Why I read them: There are three short stories in this series (so far). The first I bought for $1.99 from Torquere Press. It’s too expensive because it’s less than 15 pages. But the good news is that the other two self-published shorts are free from Smashwords in all the formats. Taken together, $1.99 is well worth it. And I think The Caldwell Ghost has possibly my favourite opening paragraph ever.
The Caldwell Ghost
What it’s about: (from Goodreads) When Robert Caldwell inherits a haunted house, he calls on ghost-hunter Simon Feximal to rid him of the supernatural menace. But the ghost is stronger than either man realizes — strong, angry, and desperate for release. Trapped in a haunted house with a dangerously attractive ghost-hunter and a sexually frustrated spirit, can Robert survive the night intact…and will he want to?

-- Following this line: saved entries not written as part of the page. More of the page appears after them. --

(* Let $\mathcal C$ be a category with finite products, regarded as a cartesian monoidal category. Then the category of simplicial objects in $\mathcal C$ is equivalent to the category of oplax monoidal functors $\Delta_{*,*}^{op}\to\mathcal C$ (with monoidal natural transformations). The equivalence sends a simplicial object $X$ to its restriction to endpoint-preserving maps, equipped with the oplax structure maps $(d_{p+1}^{\,q},d_0^{\,p})\colon X_{p+q}\to X_p\times X_q$ (front $p$-face and back $q$-face).
   Context: $\Delta_{*,*}$ is the subcategory of the simplicial category $\Delta$ with objects $[n]=\{0<\dots<n\}$, $n\ge0$, and morphisms the order-preserving maps $f\colon[m]\to[n]$ with $f(0)=0$ and $f(m)=n$. It is strict monoidal with $[p]\otimes[q]=[p+q]$, obtained by identifying $p\in[p]$ with $0\in[q]$ (and $f\otimes g$ acting by $f$ on the first block and by shifted $g$ on the second), unit $[0]$. An oplax monoidal functor $F\colon\Delta_{*,*}^{op}\to\mathcal C$ is a functor with natural maps $F([p]\otimes[q])\to F[p]\times F[q]$ and $F[0]\to\ast$ satisfying the usual coassociativity and counitality coherence. For a simplicial object $X$, $d_i\colon X_n\to X_{n-1}$ are the face maps; $d_{p+1}^{\,q}$ means $d_{p+1}$ applied $q$ times and $d_0^{\,p}$ means $d_0$ applied $p$ times. *)

From Stdlib Require Import FunctionalExtensionality ProofIrrelevance.
From HB Require Import structures.
From mathcomp Require Import all_boot zify.

Set Implicit Arguments.
Unset Strict Implicit.
Unset Printing Implicit Defensive.

(** * Categories (hom-types with Leibniz equality of morphisms)        *)

Record Cat := Cat_ {
  ob :> Type;
  hom : ob -> ob -> Type;
  comp : forall a b c, hom b c -> hom a b -> hom a c;   (* comp g f = g o f *)
  idm : forall a, hom a a;
  comp1f : forall a b (f : hom a b), comp (idm b) f = f;
  compf1 : forall a b (f : hom a b), comp f (idm a) = f;
  compA : forall a b c d (h : hom c d) (g : hom b c) (f : hom a b),
      comp h (comp g f) = comp (comp h g) f }.
Arguments hom {_} _ _.
Arguments comp {_ _ _ _} _ _.
Arguments idm {_} _.

Record Functor (C D : Cat) := Functor_ {
  F0 :> C -> D;
  F1 : forall a b : C, hom a b -> hom (F0 a) (F0 b);
  F1_id : forall a, F1 (idm a) = idm (F0 a);
  F1_comp : forall a b c (g : hom b c) (f : hom a b),
      F1 (comp g f) = comp (F1 g) (F1 f) }.
Arguments F1 {C D} _ {a b} _.

Definition is_equivalence (C D : Cat) (F : Functor C D) : Prop :=
  exists (G : Functor D C)
         (eta : forall a : C, hom a (G (F a)))
         (eta' : forall a : C, hom (G (F a)) a)
         (eps : forall b : D, hom (F (G b)) b)
         (eps' : forall b : D, hom b (F (G b))),
    [/\ forall a a' (f : hom a a'), comp (eta a') f = comp (F1 G (F1 F f)) (eta a),
        forall b b' (g : hom b b'), comp (eps b') (F1 F (F1 G g)) = comp g (eps b),
        forall a, comp (eta' a) (eta a) = idm a /\ comp (eta a) (eta' a) = idm _ &
        forall b, comp (eps' b) (eps b) = idm _ /\ comp (eps b) (eps' b) = idm b].

Record FinProducts (C : Cat) := FinProducts_ {
  term : C;
  bang : forall a : C, hom a term;
  bang_uniq : forall a (f : hom a term), f = bang a;
  prodo : C -> C -> C;
  ppr1 : forall a b, hom (prodo a b) a;
  ppr2 : forall a b, hom (prodo a b) b;
  pairm : forall c a b, hom c a -> hom c b -> hom c (prodo a b);
  ppr1_pair : forall c a b (f : hom c a) (g : hom c b), comp (ppr1 a b) (pairm f g) = f;
  ppr2_pair : forall c a b (f : hom c a) (g : hom c b), comp (ppr2 a b) (pairm f g) = g;
  pair_uniq : forall c a b (h : hom c (prodo a b)),
      h = pairm (comp (ppr1 a b) h) (comp (ppr2 a b) h) }.
Arguments term {C} _.
Arguments bang {C} _ _.
Arguments prodo {C} _ _ _.
Arguments ppr1 {C} _ {a b}.
Arguments ppr2 {C} _ {a b}.
Arguments pairm {C} _ {c a b} _ _.

Section ProdOps.
Variables (C : Cat) (P : FinProducts C).
Definition fprodm (a b a' b' : C) (f : hom a a') (g : hom b b') :
  hom (prodo P a b) (prodo P a' b') :=
  pairm P (comp f (ppr1 P)) (comp g (ppr2 P)).
Definition passoc (a b c : C) : hom (prodo P a (prodo P b c)) (prodo P (prodo P a b) c) :=
  pairm P (pairm P (ppr1 P) (comp (ppr1 P) (ppr2 P))) (comp (ppr2 P) (ppr2 P)).
End ProdOps.
Arguments fprodm {C} P {a b a' b'} _ _.
Arguments passoc {C} P a b c.

(** * The simplex category Delta and its subcategory Delta_{*,*}       *)

(** Order-preserving maps [m] -> [n], [k] = 'I_k.+1 = {0 < ... < k}. *)
Definition dmono m n (f : {ffun 'I_m.+1 -> 'I_n.+1}) : bool :=
  [forall i : 'I_m.+1, forall j : 'I_m.+1, (i <= j)%N ==> (f i <= f j)%N].
Definition dmap m n := {f : {ffun 'I_m.+1 -> 'I_n.+1} | dmono f}.
Definition dfn m n (f : dmap m n) : 'I_m.+1 -> 'I_n.+1 := fun i => (sval f) i.

Lemma dfn_mono m n (f : dmap m n) (i j : 'I_m.+1) :
  (i <= j)%N -> (dfn f i <= dfn f j)%N.
Proof.
case: f => f Hf ij; rewrite /dfn /=.
by move/forallP: Hf => /(_ i) /forallP /(_ j) /implyP; apply.
Qed.

Lemma dmap_eq m n (a b : dmap m n) : (forall i, (dfn a i : nat) = dfn b i) -> a = b.
Proof. by move=> H; apply: val_inj; apply/ffunP => i; apply: val_inj; exact: H. Qed.

Lemma did_mono n : dmono [ffun i : 'I_n.+1 => i].
Proof. by apply/forallP => i; apply/forallP => j; apply/implyP; rewrite !ffunE. Qed.
Definition did n : dmap n n := exist (@dmono n n) _ (did_mono n).

Lemma dcomp_mono l m n (f : dmap l m) (g : dmap m n) :
  dmono [ffun i => dfn g (dfn f i)].
Proof.
apply/forallP => i; apply/forallP => j; apply/implyP => ij; rewrite !ffunE.
by apply: dfn_mono; apply: dfn_mono.
Qed.
(** dcomp f g = g o f *)
Definition dcomp l m n (f : dmap l m) (g : dmap m n) : dmap l n :=
  exist (@dmono l n) _ (dcomp_mono f g).

(** Endpoint-preserving maps: the morphisms of Delta_{*,*}. *)
Definition endpt m n (f : dmap m n) : bool :=
  (dfn f ord0 == ord0) && (dfn f ord_max == ord_max).
Definition emap m n := {f : dmap m n | endpt f}.
Definition efn m n (f : emap m n) : 'I_m.+1 -> 'I_n.+1 := dfn (sval f).

Lemma eid_endpt n : endpt (did n).
Proof. by rewrite /endpt /dfn /= !ffunE !eqxx. Qed.
Definition eid n : emap n n := exist (@endpt n n) _ (eid_endpt n).

Lemma ecomp_endpt l m n (f : emap l m) (g : emap m n) :
  endpt (dcomp (sval f) (sval g)).
Proof.
case: f g => f Hf [g Hg] /=.
move/andP: Hf => [/eqP f0 /eqP f1]; move/andP: Hg => [/eqP g0 /eqP g1].
rewrite /endpt {1 2}/dfn /= !ffunE f0 f1 g0 g1 !eqxx. by [].
Qed.
Definition ecomp l m n (f : emap l m) (g : emap m n) : emap l n :=
  exist (@endpt l n) _ (ecomp_endpt f g).

(** * Simplicial objects in C (contravariant functors Delta^op -> C)   *)

Section Simplicial.
Variable C : Cat.

Record sobj := SObj {
  sX : nat -> C;
  sact : forall m n, dmap m n -> hom (sX n) (sX m);
  sact_id : forall n, sact (did n) = idm (sX n);
  sact_comp : forall l m n (f : dmap l m) (g : dmap m n),
      sact (dcomp f g) = comp (sact f) (sact g) }.

Record smor (X Y : sobj) := SMor {
  scomp : forall n, hom (sX X n) (sX Y n);
  snat : forall m n (f : dmap m n),
      comp (scomp m) (sact X f) = comp (sact Y f) (scomp n) }.

Lemma smor_eq X Y (a b : smor X Y) : (forall n, scomp a n = scomp b n) -> a = b.
Proof.
case: a b => a Ha [b Hb] /= H.
have E : a = b by apply: functional_extensionality_dep.
subst b; f_equal; apply: proof_irrelevance.
Qed.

What worked for me (and what didn’t): This clever little short has an absolute cracker of an opening paragraph. We are plunged into the action immediately. It’s only about 13 pages but in that time, the setting – both the time period and the creepiness and the characters are drawn with a deft hand. It’s not a romance, but rather the pair meet and, while fixing Robert Caldwell’s ghost problem, have a sexy interlude which promises to be more. We know in fact that they go on to have a very HEA because of the letter to the editor at the beginning. It’s all very cleverly done.
Why I read it: I picked this one up for 99c after it was featured in the Dear Author Daily Deals post in November last year.
What it’s about: (from Goodreads) Some things should stay buried.
Repressed scholar Percival Endicott Whyborne has two skills: reading dead languages and hiding in his office at the Ladysmith Museum. After the tragic death of the friend he secretly loved, he’s ruthlessly suppressed any desire for another man.
So when handsome ex-Pinkerton Griffin Flaherty approaches him to translate a mysterious book, Whyborne wants to finish the job and get rid of the detective as quickly as possible. Griffin left the Pinkertons following the death of his partner, hoping to start a new life. But the powerful cult which murdered Glenn has taken root in Widdershins, and only the spells in the book can stop them. Spells the intellectual Whyborne doesn’t believe are real.
As the investigation draws the two men closer, Griffin’s rakish charm threatens to shatter Whyborne’s iron control. When the cult resurrects an evil sorcerer who commands terrifying monsters, can Whyborne overcome his fear and learn to trust? Will Griffin let go of his past and risk falling in love? Or will Griffin’s secrets cost Whyborne both his heart and his life?
What worked for me (and what didn’t): A friend asked me to buddy read this book with her so, as is often the case, I started without reading the blurb or knowing much about the book other than that it was an historical m/m romance. So, the appearance of dark magic and rituals to bring people back from the dead came as a bit of a shock. In some ways, the book is in the same vein as The Magpie Lord. It isn’t the same book. The Magpie Lord is darkly amusing and Widdershins has a totally different aspect. It’s set in America – around 1890-something. Whyborne is a philologist (language specialist) for the Ladysmith museum in Widdershins, New England. He’s shy and socially awkward. One of the museum trustees, Mr. Rice, has commissioned Griffin Flaherty, a private detective, to look into the murder of his son. A strange book was posted to Mr. Rice by his son shortly before the murder and there seems likely to be a link. Griffin asked Whyborne to translate the book and they gradually become friends (and then lovers) and work together to solve the mystery.